Directions for this task => Tally how many lines of these entries hold the string "bool". Return the number alone.

Collected data entries:
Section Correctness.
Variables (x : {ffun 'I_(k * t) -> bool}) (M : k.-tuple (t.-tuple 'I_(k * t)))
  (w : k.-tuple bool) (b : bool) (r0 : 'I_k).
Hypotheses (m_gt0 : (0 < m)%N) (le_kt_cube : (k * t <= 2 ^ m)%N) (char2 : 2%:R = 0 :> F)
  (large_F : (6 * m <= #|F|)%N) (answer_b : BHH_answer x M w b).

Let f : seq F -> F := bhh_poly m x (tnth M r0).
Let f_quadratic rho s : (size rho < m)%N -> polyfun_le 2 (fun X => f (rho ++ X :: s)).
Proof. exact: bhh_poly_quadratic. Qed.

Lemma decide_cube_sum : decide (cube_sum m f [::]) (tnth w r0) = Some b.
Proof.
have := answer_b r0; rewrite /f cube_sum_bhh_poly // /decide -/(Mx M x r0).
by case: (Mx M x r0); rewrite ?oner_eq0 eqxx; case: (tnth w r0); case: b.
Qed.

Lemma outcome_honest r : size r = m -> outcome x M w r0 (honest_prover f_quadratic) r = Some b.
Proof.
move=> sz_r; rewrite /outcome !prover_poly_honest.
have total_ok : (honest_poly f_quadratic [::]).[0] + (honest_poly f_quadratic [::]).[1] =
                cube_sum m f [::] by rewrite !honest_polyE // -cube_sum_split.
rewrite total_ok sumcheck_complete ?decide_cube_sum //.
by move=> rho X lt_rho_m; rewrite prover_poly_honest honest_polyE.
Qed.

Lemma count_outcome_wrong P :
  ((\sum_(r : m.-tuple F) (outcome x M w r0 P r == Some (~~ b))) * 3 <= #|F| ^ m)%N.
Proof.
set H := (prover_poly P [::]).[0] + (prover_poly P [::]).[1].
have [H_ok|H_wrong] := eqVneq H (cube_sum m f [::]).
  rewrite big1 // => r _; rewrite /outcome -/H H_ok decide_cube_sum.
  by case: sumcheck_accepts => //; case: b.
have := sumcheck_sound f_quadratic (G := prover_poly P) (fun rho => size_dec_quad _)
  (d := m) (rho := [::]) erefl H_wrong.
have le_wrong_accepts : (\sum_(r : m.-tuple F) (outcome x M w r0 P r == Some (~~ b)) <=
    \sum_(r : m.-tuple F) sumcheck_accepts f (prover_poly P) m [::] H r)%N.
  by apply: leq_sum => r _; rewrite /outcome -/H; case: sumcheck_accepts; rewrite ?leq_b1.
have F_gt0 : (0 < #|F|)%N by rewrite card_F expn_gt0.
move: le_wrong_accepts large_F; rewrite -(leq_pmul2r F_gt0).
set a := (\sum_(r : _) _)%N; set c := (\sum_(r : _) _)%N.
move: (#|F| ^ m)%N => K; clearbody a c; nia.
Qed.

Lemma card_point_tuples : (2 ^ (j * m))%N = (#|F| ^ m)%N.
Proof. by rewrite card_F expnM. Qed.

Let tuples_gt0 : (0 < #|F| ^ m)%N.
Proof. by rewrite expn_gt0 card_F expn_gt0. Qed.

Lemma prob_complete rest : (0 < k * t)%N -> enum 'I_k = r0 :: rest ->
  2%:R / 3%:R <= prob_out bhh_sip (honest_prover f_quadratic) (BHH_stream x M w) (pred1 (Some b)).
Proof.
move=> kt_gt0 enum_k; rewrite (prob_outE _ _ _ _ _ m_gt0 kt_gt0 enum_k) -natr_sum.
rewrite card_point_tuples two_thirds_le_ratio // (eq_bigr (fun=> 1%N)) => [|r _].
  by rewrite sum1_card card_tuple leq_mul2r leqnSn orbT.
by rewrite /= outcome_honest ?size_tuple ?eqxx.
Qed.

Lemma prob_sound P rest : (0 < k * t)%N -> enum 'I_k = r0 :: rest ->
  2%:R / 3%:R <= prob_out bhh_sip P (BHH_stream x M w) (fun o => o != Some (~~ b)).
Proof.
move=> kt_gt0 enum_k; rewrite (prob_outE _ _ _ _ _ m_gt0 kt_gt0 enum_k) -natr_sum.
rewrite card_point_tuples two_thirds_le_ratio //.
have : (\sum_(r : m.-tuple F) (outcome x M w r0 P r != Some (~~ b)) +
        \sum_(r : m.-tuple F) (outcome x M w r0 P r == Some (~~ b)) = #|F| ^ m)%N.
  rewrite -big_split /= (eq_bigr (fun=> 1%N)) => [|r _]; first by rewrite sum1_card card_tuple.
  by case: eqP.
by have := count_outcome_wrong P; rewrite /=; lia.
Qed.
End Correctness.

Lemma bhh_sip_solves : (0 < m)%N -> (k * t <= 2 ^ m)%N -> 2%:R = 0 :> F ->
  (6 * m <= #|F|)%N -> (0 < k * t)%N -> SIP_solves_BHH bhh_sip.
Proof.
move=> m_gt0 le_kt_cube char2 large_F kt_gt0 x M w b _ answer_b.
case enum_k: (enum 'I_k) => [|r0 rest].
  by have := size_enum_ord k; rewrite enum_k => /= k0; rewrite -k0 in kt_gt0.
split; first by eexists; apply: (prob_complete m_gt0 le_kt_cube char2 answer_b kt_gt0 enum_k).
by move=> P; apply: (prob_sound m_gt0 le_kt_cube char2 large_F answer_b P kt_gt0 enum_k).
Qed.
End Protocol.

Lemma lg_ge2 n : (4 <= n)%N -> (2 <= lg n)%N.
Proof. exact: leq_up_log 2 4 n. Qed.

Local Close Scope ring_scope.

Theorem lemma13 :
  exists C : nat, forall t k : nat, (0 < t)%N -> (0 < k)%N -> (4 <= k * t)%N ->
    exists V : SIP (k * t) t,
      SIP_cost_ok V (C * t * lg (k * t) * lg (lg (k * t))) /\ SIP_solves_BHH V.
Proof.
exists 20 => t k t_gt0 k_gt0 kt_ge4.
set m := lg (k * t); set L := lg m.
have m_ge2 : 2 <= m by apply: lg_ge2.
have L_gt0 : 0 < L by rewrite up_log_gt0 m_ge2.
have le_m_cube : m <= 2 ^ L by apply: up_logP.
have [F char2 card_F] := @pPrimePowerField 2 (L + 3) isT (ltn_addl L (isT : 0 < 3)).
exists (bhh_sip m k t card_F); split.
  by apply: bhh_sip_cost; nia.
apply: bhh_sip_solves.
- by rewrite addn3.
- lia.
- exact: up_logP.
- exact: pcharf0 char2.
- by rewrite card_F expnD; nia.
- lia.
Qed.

Solution to this task => 2